Academics and members of pro-localization groups chant a slogan during a press conference in Taipei yesterday calling on new Minister of Education Wu Se-hwa to lobby for a bill that would make Hoklo a part of the junior-high school curriculum. Photo: Chien Jung-fong, Taipei Times

By Sean Lin / Staff reporter

Pro-localization groups and academics yesterday called on newly inaugurated Minister of Education Wu Se-hwa (吳思華), who assumed office on Wednesday, to lobby for an education bill that would help Hoklo (commonly known as Taiwanese) become a part of the junior-high school curriculum.

Union of Education in Taiwan chairperson Cheng Cheng-iok (鄭正煜) told a press conference in Taipei that he and other advocates of Hoklo education have been pushing for years for the language to be included in the curriculum, but have met with objections from the Ministry of Education’s Curriculum Committee.

“The Chinese Nationalist Party (KMT) has deprived people of their right to learn their native language for more than 60 years and we will reclaim what was taken from us,” he said.

“If the ministry refuses to submit a bill to the legislature for a vote, more protests will follow,” Cheng added.

National Cheng Kung University professor of Taiwanese literature Chiung Wi-vun (蔣為文) cited Malaysia and Vietnam as examples, saying that people of Chinese descent account for merely 20 percent and 1 percent respectively of the nations’ populations, but both have included Chinese in their national education curricula.

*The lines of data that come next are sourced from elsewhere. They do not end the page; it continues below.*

(* Let $\Xi=(\xi_\sigma)_{\sigma\in[0,\omega_1)}$ be a strictly increasing transfinite sequence of countable ordinals, set $\xi_{\omega_1}=\omega_1$, and for each limit ordinal $\lambda\in[\omega,\omega_1]$ set $\zeta_\lambda=\sup\{\xi_\sigma:\sigma\in[0,\lambda)\}$. Then: (i) the map $U_\Xi$ given by $U_\Xi(\mathbf{1}_{[0,\sigma]})=\mathbf{1}_{[0,\xi_\sigma]}$ for $\sigma\in[0,\omega_1]$ extends uniquely to a linear isometry of $C([0,\omega_1])$ onto $\overline{\operatorname{span}}\{\mathbf{1}_{[0,\xi_\sigma]}:\sigma\in[0,\omega_1]\}$; (ii) $[0,\omega_1]=[0,\xi_0]\cup\bigcup_{\sigma\in[0,\omega_1)}[\xi_\sigma+1,\xi_{\sigma+1}]\cup\bigcup_{\lambda\in[\omega,\omega_1]\text{ limit}}[\zeta_\lambda,\xi_\lambda]$, where the intervals on the right-hand side are pairwise disjoint; (iii) the map $\varphi_\Xi\colon[0,\omega_1]\to[0,\omega_1]$ defined by $\varphi_\Xi(\alpha)=\xi_0$ for $\alpha\in[0,\xi_0]$, $\varphi_\Xi(\alpha)=\xi_{\sigma+1}$ for $\alpha\in[\xi_\sigma+1,\xi_{\sigma+1}]$ with $\sigma\in[0,\omega_1)$, and $\varphi_\Xi(\alpha)=\zeta_\lambda$ for $\alpha\in[\zeta_\lambda,\xi_\lambda]$ with $\lambda\in[\omega,\omega_1]$ a limit ordinal, is continuous and satisfies $\varphi_\Xi\circ\varphi_\Xi=\varphi_\Xi$; hence the composition operator $\Phi_\Xi\colon f\mapsto f\circ\varphi_\Xi$ is a contractive projection of $C([0,\omega_1])$ onto $\overline{\operatorname{span}}\{\mathbf{1}_{[0,\xi_\sigma]}:\sigma\in[0,\omega_1]\}$; (iv) the matrix of $\Phi_\Xi$ is given by $(\Phi_\Xi)_{\alpha,\beta}=\delta_{\beta,\xi_0}$ for $\alpha\in[0,\xi_0]$, $(\Phi_\Xi)_{\alpha,\beta}=\delta_{\beta,\xi_{\sigma+1}}$ for $\alpha\in[\xi_\sigma+1,\xi_{\sigma+1}]$ with $\sigma\in[0,\omega_1)$, and $(\Phi_\Xi)_{\alpha,\beta}=\delta_{\beta,\zeta_\lambda}$ for $\alpha\in[\zeta_\lambda,\xi_\lambda]$ with $\lambda\in[\omega,\omega_1]$ a limit ordinal.
   Context: $\omega$ and $\omega_1$ are the first infinite and first uncountable ordinals; $[0,\omega_1]$ has the order topology and $C([0,\omega_1])$ is the Banach space of continuous scalar-valued functions on it with the sup norm; $0$ is considered a limit ordinal, but limits $\lambda$ above range over $[\omega,\omega_1]$. $\delta_{\alpha,\beta}$ is the Kronecker delta. The matrix of an operator $T$ on $C([0,\omega_1])$ is the unique family of scalars $T_{\alpha,\beta}$ with $\sum_\beta|T_{\alpha,\beta}|<\infty$ and $Tf(\alpha)=\sum_{\beta\in[0,\omega_1]}T_{\alpha,\beta}f(\beta)$ for all $f$ and $\alpha$. *)

From HB Require Import structures.
From mathcomp Require Import all_boot all_order all_algebra.
From mathcomp Require Import all_classical all_reals all_analysis.
Set Implicit Arguments. Unset Strict Implicit. Unset Printing Implicit Defensive.
Import Order.TTheory GRing.Theory Num.Theory.
Import numFieldNormedType.Exports.
Local Open Scope classical_set_scope.
Local Open Scope ring_scope.

(* [0, omega_1] is modelled by an arbitrary totally ordered type T with
   a top element w1 such that the order is a well-order, every proper
   initial segment [0,a) with a < w1 is countable and [0,w1) is uncountable.
   Such an ordered type is order-isomorphic to the ordinal interval
   [0, omega_1]. *)
Section Omega1.
Context {d : Order.disp_t} (T : orderType d).

Definition omega1_like (w1 : T) : Prop :=
  well_founded (fun x y : T => (x < y)%O) /\
  (forall x : T, (x <= w1)%O) /\
  (forall a : T, (a < w1)%O -> countable [set b : T | (b < a)%O]) /\
  ~ countable [set b : T | (b < w1)%O].

Definition is_succ (s t : T) : Prop :=
  (s < t)%O /\ forall g : T, (s < g)%O -> (t <= g)%O.

(* l is a nonzero limit ordinal (z0 is the least element 0) *)
Definition is_limit (z0 l : T) : Prop :=
  l <> z0 /\ ~ (exists s : T, is_succ s l).

Definition is_sup_below (xi : T -> T) (l z : T) : Prop :=
  (forall s : T, (s < l)%O -> (xi s <= z)%O) /\
  (forall u : T, (forall s : T, (s < l)%O -> (xi s <= u)%O) -> (z <= u)%O).

Inductive piece := Pzero | Psucc of T | Plim of T.

Definition valid_piece (z0 w1 : T) (p : piece) : Prop :=
  match p with
  | Pzero => True
  | Psucc s => (s < w1)%O
  | Plim l => is_limit z0 l
  end.

Definition in_piece (z0 : T) (xi : T -> T) (p : piece) (a : T) : Prop :=
  match p with
  | Pzero => (a <= xi z0)%O
  | Psucc s => exists t : T, is_succ s t /\ (xi s < a)%O /\ (a <= xi t)%O
  | Plim l => exists z : T, is_sup_below xi l z /\ (z <= a)%O /\ (a <= xi l)%O
  end.

Definition phi_spec (z0 w1 : T) (xi : T -> T) (phi : T -> T) : Prop :=
  (forall a : T, (a <= xi z0)%O -> phi a = xi z0) /\
  (forall s t a : T, (s < w1)%O -> is_succ s t ->
      (xi s < a)%O -> (a <= xi t)%O -> phi a = xi t) /\
  (forall l z a : T, is_limit z0 l -> is_sup_below xi l z ->
      (z <= a)%O -> (a <= xi l)%O -> phi a = z).

Context (R : realType).

Definition Ccont (f : T -> R) : Prop :=
  continuous (f : order_topology T -> R).

Definition supn (f : T -> R) : R := sup (range (fun x => `|f x|)).

Definition ind0 (a : T) : T -> R := fun x => if (x <= a)%O then 1 else 0.

Definition delta (b c : T) : R := if b == c then 1 else 0.

Definition in_span (xi : T -> T) (g : T -> R) : Prop :=
  exists (n : nat) (c : 'I_n -> R) (s : 'I_n -> T),
    g = (fun x => \sum_(i < n) c i * ind0 (xi (s i)) x).

Definition in_cspan (xi : T -> T) (g : T -> R) : Prop :=
  Ccont g /\ forall e : R, 0 < e ->
    exists h, in_span xi h /\ supn (fun x => g x - h x) <= e.

Definition linear_on_C (U : (T -> R) -> (T -> R)) : Prop :=
  (forall f, Ccont f -> Ccont (U f)) /\
  (forall (a : R) f g, Ccont f -> Ccont g ->
     U (fun x => a * f x + g x) = (fun x => a * U f x + U g x)).

Definition lin_isometry_C (U : (T -> R) -> (T -> R)) : Prop :=
  linear_on_C U /\ (forall f, Ccont f -> supn (U f) = supn f).

(* unordered (absolutely convergent) sums over T *)
Definition abs_summable (a : T -> R) : Prop :=
  exists M : R, forall F : seq T, uniq F -> \sum_(b <- F) `|a b| <= M.

Definition has_usum (a : T -> R) (s : R) : Prop :=
  forall e : R, 0 < e -> exists F0 : seq T, forall F : seq T,
    uniq F -> {subset F0 <= F} -> `|\sum_(b <- F) a b - s| <= e.

Definition is_matrix (P : (T -> R) -> (T -> R)) (M : T -> T -> R) : Prop :=
  forall a : T, abs_summable (M a) /\
    forall f, Ccont f -> has_usum (fun b => M a b * f b) (P f a).

End Omega1.

From HB Require Import structures.
From mathcomp Require Import all_boot all_order all_algebra.
From mathcomp Require Import all_classical all_reals all_analysis.
From mathcomp Require Import ring lra.
Set Implicit Arguments. Unset Strict Implicit. Unset Printing Implicit Defensive.
Import Order.TTheory GRing.Theory Num.Theory.
Import numFieldNormedType.Exports.
Local Open Scope classical_set_scope.
Local Open Scope ring_scope.

(* Let xi_ceil a be the least s with a <= xi s, so that (xi_ceil a <= s) = (a <= xi s)
   and xi_ceil (xi s) = s.  It is monotone, continuous and onto, hence
   f |-> f \o xi_ceil is a linear isometry sending 1_[0, s] to 1_[0, xi s].  Every
   continuous function on [0, w1] is a uniform limit of step functions (transfinite
   induction, using that f is nearly constant on some (c, x]), so this isometry is
   unique and its range is the closed span of the 1_[0, xi s].
   The pieces of (ii) are the fibres of xi_ceil, indexed by 0, successors and limits.
   On the fibre of r, phi takes the constant value phi_idx r = phi (xi r), and
   xi_ceil (phi_idx r) = r; thus phi = phi_idx \o xi_ceil is a continuous retraction
   whose composition operator fixes exactly the closed span.  The matrix of any
   composition operator f |-> f \o p is delta(b, p a): testing against bumps
   1_(c, b] vanishing on a large finite set isolates each coefficient. *)

Section Omega1Like.
Context {d : Order.disp_t} {T : orderType d} (z0 w1 : T).
Hypotheses (le0x : forall x : T, (z0 <= x)%O) (hT : omega1_like w1).
Local Notation oT := (order_topology T).

Section Order.
Local Open Scope order_scope.

Lemma omega1_wf : well_founded (fun x y : T => x < y).
Proof. by case: hT. Qed.

Lemma le_omega1 (x : T) : x <= w1.
Proof. by case: hT => _ []. Qed.

Lemma le0_eq (x : T) : x <= z0 -> x = z0.
Proof. by move=> xz; apply/le_anti; rewrite xz le0x. Qed.

Lemma wo_min (P : T -> Prop) : (exists x, P x) ->
  exists x, P x /\ forall y, P y -> x <= y.
Proof.
move=> [x Px]; apply: contrapT => nomin.
suff : forall y, ~ P y by move/(_ x).
apply: (well_founded_ind omega1_wf) => y IH Py; apply: nomin.
exists y; split => // z Pz; rewrite leNgt; apply/negP => zy; exact: IH z zy Pz.
Qed.

Lemma is_succ_exists (x : T) : x < w1 -> exists t, is_succ x t.
Proof.
move=> xw; have [t [xt tmin]] := wo_min (ex_intro (fun t => x < t) w1 xw).
by exists t.
Qed.

Lemma is_succ_inj (s s' t : T) : is_succ s t -> is_succ s' t -> s = s'.
Proof.
move=> [st smin] [s't s'min]; case: (ltgtP s s') => // [ss'|s's].
- by have := smin _ ss'; rewrite leNgt s't.
- by have := s'min _ s's; rewrite leNgt st.
Qed.

Lemma ordinal_trichotomy (r : T) :
  r = z0 \/ (exists s, is_succ s r) \/ is_limit z0 r.
Proof.
have [->|rz] := eqVneq r z0; first by left.
have [|nsucc] := pselect (exists s, is_succ s r); first by right; left.
by right; right; split => //; apply/eqP.
Qed.

Lemma is_limit_dense (l s : T) : is_limit z0 l -> s < l -> exists u, s < u < l.
Proof.
move=> [_ nsucc] sl; have [t st] := is_succ_exists (lt_le_trans sl (le_omega1 l)).
exists t; rewrite st.1 lt_neqAle st.2 // andbT.
by apply/eqP => tl; apply: nsucc; exists s; rewrite -tl.
Qed.

Lemma is_sup_below_exists (xi : T -> T) (l : T) : exists z, is_sup_below xi l z.
Proof.
have [z [zub zmin]] := wo_min (ex_intro (fun u => forall s, s < l -> xi s <= u) w1
  (fun s _ => le_omega1 (xi s))).
by exists z.
Qed.

Lemma homo_lt_omega1 (xi : T -> T) : (forall s, s < w1 -> xi s < w1) ->
  (forall s t, s < t -> t < w1 -> xi s < xi t) -> xi w1 = w1 ->
  {homo xi : s t / s < t}.
Proof.
move=> xi_lt xi_inc xi_top s t st; have [tw|wt] := ltP t w1; first exact: xi_inc.
have tw : t = w1 by apply/le_anti; rewrite le_omega1.
by rewrite tw xi_top xi_lt // -tw.
Qed.

End Order.

Section Topology.
Local Open Scope order_scope.

Lemma nbhs_gt (c x : T) : c < x -> nbhs (x : oT) [set y : T | c < y].
Proof.
move=> cx; apply: open_nbhs_nbhs; split => //.
have -> : [set y : T | c < y] = [set` `]c, +oo[%O] :> set oT.
  by apply/seteqP; split => y /=; rewrite in_itv /= andbT.
exact: rray_open.
Qed.

(* [0, x] is open: it is [0, x + 1) when x < w1, and everything when x = w1. *)
Lemma nbhs_le (x : T) : nbhs (x : oT) [set y : T | y <= x].
Proof.
have [xw|wx] := ltP x w1; last first.
  suff -> : [set y : T | y <= x] = setT by exact: filterT.
  by apply/seteqP; split => y //= _; exact: le_trans (le_omega1 y) wx.
have [t [xt tmin]] := is_succ_exists xw.
apply: open_nbhs_nbhs; split; last by rewrite /= lexx.
have -> : [set y : T | y <= x] = [set` `]-oo, t[%O] :> set oT.
  apply/seteqP; split => y /=; rewrite in_itv /=; first by move/le_lt_trans; apply.
  by move=> yt; rewrite leNgt; apply/negP => /tmin; rewrite leNgt yt.
exact: lray_open.
Qed.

“Hoklo is Taiwan’s native language. With ethnic Taiwanese accounting for 85 percent of the nation’s population, we have only one hour of Hoklo class for elementary school students per week and Hoklo is not even in the junior-high school curriculum,” he said. “This shows that Taiwan has trailed its neighbors in terms of the preservation of its mother tongue.”

Calling the KMT’s policy on Hoklo “oppressive,” Taiwan Solidarity Union Legislator Chou Ni-an (周倪安) said: “People are indoctrinated with the idea that they should not speak their mother tongue. This is intolerable. Just because Hoklo is treated with oppression does not mean it is insignificant or nonexistent,” she said.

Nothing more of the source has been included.